STORED DATA section start

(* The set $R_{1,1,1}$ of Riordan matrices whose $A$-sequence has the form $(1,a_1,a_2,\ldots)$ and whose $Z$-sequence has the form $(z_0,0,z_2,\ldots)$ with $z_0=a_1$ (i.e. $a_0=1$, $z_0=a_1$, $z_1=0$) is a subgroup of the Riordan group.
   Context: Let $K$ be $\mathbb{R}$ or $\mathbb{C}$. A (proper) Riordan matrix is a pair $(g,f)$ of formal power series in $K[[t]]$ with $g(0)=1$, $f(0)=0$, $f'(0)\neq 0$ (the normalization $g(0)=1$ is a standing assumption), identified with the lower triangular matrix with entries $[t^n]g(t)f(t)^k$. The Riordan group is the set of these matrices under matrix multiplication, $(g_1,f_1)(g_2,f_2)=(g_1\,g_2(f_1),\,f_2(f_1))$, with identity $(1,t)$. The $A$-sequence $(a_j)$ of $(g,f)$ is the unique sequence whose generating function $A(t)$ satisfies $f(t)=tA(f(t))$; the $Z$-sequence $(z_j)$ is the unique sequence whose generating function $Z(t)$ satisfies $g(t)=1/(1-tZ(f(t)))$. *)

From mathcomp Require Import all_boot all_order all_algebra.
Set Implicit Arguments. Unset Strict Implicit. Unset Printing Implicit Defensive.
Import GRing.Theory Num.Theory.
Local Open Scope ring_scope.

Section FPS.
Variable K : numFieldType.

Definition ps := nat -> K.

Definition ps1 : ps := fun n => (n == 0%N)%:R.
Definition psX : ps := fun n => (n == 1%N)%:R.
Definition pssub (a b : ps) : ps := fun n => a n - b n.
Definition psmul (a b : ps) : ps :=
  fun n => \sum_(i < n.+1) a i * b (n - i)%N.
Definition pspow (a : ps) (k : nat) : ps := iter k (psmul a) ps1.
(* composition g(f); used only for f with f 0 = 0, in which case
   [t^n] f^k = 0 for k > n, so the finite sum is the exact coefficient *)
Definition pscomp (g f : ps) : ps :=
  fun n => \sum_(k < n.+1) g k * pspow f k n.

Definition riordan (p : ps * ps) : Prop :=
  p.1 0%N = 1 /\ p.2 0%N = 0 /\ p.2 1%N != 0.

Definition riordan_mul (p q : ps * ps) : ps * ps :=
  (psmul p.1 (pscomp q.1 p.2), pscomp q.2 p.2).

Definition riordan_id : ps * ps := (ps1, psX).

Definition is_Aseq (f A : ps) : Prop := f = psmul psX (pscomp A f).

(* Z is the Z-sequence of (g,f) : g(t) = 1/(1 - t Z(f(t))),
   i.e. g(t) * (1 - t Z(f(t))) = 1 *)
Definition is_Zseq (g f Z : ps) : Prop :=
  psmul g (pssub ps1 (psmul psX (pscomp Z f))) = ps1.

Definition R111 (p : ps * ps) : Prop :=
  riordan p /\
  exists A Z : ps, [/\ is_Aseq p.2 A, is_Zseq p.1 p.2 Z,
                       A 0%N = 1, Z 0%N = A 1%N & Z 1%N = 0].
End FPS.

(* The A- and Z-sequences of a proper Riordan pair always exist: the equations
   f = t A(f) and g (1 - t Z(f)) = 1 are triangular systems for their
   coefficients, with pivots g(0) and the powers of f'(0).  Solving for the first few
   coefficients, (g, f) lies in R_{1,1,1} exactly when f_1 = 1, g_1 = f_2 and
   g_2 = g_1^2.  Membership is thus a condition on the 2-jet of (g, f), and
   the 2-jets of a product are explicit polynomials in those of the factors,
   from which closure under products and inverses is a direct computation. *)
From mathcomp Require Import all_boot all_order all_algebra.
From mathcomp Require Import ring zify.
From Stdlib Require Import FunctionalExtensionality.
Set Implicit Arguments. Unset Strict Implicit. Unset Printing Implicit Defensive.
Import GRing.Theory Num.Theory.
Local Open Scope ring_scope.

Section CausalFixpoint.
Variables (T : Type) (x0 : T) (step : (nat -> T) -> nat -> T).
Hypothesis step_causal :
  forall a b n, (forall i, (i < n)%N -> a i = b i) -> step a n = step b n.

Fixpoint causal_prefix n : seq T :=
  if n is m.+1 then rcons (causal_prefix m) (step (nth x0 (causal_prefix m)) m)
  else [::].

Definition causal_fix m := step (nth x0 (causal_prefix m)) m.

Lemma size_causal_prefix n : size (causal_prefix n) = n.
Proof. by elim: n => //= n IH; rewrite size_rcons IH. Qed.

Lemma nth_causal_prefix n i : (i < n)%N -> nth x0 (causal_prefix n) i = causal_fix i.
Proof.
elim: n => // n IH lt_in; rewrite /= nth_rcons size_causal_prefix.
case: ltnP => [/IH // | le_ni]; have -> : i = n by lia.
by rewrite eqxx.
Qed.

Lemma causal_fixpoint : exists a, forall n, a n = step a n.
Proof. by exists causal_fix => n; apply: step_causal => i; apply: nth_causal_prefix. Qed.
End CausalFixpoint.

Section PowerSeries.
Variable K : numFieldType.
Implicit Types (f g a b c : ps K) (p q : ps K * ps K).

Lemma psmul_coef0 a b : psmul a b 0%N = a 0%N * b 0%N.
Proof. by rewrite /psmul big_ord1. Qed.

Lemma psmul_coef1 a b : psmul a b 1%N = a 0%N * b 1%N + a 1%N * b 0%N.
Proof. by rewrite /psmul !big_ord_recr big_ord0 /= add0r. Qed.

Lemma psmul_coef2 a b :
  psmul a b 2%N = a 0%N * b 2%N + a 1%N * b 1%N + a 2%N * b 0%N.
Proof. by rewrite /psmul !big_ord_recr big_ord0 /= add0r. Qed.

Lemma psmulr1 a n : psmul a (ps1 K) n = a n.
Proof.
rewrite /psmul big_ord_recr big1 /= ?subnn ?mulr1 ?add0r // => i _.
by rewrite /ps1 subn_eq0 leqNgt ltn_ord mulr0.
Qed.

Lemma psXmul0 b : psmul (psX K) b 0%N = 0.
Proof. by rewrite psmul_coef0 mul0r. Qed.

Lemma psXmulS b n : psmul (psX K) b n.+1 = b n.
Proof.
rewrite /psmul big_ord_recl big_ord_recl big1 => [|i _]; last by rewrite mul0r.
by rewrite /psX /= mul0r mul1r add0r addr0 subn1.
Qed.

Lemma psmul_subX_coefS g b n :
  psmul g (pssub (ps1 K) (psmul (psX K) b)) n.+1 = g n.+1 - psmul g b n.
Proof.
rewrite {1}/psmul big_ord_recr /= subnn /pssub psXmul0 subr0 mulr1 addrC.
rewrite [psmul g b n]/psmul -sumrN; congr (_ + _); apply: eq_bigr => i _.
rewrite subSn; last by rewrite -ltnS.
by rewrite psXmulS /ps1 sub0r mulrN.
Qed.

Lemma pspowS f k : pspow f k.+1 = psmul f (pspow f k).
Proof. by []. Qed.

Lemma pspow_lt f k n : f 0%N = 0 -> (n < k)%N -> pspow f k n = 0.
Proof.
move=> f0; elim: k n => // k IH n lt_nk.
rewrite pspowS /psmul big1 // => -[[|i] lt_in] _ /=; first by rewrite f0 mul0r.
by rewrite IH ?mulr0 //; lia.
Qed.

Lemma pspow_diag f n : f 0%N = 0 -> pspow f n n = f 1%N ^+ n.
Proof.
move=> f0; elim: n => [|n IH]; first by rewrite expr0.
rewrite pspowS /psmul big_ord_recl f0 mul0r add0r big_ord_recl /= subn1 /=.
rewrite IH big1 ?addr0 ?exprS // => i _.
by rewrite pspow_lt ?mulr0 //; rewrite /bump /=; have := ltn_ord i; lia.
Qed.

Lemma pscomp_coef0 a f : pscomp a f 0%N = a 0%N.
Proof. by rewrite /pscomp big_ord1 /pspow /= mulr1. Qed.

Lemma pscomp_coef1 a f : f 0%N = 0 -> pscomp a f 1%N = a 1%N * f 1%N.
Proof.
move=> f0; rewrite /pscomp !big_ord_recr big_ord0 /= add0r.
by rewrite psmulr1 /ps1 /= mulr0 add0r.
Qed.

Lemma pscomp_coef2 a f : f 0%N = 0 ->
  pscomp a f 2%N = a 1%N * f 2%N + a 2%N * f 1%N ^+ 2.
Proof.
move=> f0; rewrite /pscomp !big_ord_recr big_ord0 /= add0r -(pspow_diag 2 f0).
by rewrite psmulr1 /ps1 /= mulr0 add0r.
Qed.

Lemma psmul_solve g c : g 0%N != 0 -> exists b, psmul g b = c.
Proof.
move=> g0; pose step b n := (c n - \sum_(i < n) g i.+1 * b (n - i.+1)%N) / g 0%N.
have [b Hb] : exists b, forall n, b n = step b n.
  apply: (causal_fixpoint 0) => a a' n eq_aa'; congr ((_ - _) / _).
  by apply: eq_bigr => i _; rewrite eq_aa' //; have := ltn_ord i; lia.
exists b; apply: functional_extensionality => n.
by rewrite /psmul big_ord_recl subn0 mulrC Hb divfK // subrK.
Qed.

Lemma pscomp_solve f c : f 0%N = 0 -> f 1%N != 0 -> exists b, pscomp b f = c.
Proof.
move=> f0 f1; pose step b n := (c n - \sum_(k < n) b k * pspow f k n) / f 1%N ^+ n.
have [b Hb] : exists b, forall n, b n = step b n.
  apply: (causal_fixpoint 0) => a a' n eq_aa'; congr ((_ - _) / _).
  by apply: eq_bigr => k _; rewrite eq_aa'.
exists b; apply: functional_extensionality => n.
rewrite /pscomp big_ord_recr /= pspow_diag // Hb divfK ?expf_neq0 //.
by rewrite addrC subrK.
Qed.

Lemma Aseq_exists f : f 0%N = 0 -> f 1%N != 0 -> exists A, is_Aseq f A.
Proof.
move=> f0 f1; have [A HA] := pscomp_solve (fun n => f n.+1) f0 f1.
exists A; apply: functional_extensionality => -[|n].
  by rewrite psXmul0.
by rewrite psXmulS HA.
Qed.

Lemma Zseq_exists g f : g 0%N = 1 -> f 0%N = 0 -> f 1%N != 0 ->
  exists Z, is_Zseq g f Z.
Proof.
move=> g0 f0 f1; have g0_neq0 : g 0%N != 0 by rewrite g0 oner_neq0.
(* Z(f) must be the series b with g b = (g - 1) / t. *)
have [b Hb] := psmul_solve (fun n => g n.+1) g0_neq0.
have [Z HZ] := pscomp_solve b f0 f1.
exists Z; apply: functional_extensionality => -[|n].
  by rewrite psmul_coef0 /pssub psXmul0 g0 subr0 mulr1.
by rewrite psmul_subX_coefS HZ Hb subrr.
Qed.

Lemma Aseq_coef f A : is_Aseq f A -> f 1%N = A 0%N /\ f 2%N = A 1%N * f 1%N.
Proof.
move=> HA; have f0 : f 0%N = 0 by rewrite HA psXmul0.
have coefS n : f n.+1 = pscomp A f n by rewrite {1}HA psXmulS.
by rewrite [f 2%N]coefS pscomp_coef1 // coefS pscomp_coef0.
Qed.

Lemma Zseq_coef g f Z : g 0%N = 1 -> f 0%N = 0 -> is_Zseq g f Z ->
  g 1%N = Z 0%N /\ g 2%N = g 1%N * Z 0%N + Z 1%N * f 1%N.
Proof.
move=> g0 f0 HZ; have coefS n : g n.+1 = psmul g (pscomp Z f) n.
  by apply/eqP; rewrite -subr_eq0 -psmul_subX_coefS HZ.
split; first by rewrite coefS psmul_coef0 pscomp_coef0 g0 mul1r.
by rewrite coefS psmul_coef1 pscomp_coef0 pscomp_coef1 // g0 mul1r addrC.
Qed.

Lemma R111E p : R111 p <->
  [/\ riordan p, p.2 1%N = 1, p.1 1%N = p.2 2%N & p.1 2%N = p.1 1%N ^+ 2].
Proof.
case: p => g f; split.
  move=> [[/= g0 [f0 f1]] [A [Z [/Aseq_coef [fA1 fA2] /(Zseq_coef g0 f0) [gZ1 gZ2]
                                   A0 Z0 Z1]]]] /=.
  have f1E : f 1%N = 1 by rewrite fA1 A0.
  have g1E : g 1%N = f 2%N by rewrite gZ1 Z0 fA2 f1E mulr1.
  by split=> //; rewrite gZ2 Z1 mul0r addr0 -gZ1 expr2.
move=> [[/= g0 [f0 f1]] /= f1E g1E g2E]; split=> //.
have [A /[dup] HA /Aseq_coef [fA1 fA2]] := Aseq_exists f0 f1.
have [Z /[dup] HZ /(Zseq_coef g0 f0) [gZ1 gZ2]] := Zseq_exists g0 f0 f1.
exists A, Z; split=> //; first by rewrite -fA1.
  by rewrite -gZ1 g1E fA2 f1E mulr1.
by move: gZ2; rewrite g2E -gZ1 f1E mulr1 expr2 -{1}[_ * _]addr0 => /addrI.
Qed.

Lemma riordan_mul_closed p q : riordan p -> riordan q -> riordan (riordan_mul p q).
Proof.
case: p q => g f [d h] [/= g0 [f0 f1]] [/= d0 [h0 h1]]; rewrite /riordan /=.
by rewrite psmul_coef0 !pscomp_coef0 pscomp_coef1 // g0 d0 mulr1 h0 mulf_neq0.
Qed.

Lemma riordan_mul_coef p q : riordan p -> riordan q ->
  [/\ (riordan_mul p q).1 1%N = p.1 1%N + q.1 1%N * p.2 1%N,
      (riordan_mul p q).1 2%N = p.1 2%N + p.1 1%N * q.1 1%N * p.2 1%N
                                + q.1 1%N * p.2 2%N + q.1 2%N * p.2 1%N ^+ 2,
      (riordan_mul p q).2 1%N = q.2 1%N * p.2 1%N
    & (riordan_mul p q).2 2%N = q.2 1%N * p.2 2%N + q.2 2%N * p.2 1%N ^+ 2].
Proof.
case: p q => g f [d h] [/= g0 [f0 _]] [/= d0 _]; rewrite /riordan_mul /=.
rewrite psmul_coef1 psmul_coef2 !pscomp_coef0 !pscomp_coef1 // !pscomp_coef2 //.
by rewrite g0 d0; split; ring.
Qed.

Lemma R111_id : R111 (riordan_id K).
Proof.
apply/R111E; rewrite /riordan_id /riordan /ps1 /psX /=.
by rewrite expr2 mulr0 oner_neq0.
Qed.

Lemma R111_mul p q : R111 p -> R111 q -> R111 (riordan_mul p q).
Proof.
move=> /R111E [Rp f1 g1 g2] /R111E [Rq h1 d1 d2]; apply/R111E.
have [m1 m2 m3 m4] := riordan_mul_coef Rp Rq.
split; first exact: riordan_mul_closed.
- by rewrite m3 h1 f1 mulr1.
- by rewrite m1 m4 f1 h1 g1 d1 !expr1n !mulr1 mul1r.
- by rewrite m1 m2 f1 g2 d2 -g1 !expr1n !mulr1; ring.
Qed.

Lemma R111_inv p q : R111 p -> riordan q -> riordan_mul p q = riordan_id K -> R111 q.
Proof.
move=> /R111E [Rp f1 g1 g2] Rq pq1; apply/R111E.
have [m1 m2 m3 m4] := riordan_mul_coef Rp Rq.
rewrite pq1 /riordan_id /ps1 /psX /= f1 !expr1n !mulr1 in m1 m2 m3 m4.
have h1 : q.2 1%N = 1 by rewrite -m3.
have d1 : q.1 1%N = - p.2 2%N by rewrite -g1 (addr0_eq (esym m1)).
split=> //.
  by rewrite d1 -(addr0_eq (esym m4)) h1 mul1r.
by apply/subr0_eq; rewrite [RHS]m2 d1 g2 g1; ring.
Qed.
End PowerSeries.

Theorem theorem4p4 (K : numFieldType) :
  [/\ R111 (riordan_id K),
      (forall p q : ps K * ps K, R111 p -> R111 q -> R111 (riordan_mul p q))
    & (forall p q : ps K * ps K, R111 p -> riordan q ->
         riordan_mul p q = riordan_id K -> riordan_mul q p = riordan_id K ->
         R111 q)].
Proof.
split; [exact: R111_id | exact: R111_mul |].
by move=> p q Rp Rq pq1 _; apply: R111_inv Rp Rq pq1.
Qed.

STORED DATA section end
STORED DATA section start

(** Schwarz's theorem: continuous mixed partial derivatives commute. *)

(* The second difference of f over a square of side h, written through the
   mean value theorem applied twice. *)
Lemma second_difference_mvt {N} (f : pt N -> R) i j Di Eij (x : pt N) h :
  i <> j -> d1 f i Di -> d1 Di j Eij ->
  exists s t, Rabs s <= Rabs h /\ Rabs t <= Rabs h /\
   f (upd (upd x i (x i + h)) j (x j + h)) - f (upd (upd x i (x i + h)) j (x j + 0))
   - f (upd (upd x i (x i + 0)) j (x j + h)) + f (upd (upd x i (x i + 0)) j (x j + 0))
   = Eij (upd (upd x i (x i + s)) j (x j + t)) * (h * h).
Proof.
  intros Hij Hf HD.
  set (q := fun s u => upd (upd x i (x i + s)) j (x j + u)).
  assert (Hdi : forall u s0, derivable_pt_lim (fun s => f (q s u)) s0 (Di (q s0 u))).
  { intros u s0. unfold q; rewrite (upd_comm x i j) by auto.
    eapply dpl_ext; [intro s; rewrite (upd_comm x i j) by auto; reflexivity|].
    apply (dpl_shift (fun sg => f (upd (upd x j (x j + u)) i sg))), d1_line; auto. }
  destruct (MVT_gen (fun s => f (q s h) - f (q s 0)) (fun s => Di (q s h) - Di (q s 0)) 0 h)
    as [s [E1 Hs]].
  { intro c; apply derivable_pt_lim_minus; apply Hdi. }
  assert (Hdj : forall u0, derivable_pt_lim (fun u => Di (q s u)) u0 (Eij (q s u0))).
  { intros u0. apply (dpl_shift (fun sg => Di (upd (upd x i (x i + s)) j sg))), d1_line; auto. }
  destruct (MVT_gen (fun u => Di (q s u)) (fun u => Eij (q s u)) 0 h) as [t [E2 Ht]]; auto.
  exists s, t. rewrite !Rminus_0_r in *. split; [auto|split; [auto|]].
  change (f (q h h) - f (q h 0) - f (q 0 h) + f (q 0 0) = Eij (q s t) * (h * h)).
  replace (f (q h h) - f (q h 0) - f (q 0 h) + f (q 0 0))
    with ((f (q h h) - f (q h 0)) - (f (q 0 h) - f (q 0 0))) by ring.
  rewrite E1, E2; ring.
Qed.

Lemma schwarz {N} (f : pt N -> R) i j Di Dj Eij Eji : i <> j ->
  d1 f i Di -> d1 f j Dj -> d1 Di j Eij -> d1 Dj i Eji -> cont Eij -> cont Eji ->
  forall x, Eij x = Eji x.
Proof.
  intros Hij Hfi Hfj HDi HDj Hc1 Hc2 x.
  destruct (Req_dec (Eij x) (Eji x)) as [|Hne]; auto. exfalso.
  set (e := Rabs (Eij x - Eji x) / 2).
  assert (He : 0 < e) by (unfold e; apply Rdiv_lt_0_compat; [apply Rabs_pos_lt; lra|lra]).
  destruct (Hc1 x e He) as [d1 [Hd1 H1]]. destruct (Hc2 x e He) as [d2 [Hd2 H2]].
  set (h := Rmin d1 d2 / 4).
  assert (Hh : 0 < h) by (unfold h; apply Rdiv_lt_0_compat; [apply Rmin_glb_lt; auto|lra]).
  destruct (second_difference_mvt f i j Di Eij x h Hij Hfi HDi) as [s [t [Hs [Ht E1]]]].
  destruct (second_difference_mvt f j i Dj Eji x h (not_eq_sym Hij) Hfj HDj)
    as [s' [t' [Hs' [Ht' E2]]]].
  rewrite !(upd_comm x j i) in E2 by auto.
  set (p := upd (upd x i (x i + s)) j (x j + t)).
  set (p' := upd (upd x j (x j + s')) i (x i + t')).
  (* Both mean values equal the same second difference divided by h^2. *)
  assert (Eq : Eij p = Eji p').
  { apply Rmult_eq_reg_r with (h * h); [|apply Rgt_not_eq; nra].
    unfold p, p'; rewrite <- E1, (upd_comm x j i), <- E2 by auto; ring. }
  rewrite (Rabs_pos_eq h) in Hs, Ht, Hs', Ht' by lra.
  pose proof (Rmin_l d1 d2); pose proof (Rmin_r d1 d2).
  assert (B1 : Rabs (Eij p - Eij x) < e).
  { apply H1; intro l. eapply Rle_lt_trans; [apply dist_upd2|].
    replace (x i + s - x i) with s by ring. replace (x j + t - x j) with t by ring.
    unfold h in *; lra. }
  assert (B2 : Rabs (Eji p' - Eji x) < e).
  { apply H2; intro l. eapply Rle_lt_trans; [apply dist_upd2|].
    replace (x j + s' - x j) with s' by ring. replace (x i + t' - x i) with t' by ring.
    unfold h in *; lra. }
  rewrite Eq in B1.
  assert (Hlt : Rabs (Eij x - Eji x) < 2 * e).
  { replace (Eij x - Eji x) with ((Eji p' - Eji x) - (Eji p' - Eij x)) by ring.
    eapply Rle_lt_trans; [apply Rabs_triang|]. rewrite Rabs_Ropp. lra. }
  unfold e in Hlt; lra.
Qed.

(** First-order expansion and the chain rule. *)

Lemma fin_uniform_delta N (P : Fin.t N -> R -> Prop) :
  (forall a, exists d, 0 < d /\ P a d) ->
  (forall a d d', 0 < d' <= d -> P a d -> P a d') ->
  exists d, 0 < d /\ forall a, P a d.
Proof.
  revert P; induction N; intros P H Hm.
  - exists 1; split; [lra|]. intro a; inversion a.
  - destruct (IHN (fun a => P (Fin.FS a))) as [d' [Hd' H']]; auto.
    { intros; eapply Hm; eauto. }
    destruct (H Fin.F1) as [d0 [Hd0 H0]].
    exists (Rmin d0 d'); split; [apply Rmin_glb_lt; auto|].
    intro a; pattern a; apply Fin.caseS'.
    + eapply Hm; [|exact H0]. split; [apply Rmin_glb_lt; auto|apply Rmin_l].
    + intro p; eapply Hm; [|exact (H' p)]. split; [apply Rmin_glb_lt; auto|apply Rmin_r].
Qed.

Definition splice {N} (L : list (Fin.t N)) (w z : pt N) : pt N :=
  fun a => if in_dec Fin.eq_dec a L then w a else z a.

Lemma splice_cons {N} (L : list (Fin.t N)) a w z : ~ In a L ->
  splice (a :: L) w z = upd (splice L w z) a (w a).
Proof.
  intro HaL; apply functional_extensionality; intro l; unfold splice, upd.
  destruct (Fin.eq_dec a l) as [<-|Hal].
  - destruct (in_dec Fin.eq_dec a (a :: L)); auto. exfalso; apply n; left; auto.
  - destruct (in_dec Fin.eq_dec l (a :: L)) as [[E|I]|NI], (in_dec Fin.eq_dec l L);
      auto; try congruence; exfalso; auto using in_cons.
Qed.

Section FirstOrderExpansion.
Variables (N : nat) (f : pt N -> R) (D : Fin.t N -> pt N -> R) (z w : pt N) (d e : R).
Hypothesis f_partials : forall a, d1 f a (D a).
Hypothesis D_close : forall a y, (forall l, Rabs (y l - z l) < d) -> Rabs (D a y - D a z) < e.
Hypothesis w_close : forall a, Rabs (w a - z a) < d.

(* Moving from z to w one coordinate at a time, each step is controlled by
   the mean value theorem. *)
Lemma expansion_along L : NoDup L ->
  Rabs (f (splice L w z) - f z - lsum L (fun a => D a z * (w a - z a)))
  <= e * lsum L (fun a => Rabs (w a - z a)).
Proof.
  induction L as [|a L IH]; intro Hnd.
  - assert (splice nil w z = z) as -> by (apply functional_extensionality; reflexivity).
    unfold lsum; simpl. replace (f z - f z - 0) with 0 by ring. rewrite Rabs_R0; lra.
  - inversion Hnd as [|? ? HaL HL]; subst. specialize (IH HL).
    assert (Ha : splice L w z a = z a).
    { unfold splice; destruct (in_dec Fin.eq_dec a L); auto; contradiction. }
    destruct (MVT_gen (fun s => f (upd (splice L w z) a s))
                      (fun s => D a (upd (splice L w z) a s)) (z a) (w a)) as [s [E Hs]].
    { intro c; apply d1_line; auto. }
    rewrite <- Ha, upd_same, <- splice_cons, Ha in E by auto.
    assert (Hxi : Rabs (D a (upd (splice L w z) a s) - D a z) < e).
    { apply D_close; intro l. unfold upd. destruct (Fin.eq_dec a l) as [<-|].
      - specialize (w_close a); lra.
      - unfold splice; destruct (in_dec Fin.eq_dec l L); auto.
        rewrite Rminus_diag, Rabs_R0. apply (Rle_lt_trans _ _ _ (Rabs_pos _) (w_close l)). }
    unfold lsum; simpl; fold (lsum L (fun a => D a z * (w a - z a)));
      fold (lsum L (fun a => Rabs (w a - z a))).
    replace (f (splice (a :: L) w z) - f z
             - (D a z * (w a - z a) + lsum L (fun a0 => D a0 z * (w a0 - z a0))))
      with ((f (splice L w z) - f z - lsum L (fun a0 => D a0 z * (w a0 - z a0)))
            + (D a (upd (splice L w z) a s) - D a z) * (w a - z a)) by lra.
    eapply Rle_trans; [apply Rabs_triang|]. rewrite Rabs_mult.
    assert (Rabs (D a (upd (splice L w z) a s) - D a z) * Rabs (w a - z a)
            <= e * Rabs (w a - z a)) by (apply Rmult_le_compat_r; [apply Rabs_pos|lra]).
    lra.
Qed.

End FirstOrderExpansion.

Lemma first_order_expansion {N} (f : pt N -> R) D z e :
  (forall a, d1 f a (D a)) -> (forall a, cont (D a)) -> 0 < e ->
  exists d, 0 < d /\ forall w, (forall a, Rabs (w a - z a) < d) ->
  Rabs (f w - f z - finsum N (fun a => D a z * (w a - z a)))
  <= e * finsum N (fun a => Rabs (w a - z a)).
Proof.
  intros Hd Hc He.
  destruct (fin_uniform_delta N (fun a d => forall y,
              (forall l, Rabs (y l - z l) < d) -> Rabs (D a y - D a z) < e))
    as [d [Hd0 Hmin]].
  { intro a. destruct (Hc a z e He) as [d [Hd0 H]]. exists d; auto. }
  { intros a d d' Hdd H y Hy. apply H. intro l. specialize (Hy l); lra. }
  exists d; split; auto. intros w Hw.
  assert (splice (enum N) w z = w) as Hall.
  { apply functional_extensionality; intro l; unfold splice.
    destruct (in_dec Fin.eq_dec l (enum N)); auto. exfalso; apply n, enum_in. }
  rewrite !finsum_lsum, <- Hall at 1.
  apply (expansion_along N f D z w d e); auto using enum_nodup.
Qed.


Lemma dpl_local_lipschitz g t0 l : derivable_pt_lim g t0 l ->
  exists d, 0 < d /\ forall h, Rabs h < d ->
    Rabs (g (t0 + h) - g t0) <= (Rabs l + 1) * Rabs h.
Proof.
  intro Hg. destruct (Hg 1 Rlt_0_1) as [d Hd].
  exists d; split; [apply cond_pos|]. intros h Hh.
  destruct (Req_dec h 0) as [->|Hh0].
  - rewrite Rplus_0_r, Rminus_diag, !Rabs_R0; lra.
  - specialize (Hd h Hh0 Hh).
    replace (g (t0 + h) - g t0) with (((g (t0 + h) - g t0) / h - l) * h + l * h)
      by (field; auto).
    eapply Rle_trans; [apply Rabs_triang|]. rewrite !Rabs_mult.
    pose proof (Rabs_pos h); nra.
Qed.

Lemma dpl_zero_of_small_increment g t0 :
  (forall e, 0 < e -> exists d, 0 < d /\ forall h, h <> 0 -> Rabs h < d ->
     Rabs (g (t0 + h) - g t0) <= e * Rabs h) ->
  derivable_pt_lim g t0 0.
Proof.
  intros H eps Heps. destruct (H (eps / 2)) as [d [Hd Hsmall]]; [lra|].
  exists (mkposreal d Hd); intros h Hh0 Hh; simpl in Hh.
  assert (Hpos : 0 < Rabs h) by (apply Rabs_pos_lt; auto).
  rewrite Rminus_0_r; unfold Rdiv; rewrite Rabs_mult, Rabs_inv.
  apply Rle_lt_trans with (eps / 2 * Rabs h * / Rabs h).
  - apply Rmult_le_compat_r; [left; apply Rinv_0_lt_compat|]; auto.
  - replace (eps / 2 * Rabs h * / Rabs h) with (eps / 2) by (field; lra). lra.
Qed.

STORED DATA section end

WHAT THE TASK ASKS » Copy all lines of the listing above that contain the string "coefficients".

OUTPUT FOR THIS EXERCISE »
   coefficients, with pivots g(0) and the powers of f'(0).  Solving for the first few
   coefficients, (g, f) lies in R_{1,1,1} exactly when f_1 = 1, g_1 = f_2 and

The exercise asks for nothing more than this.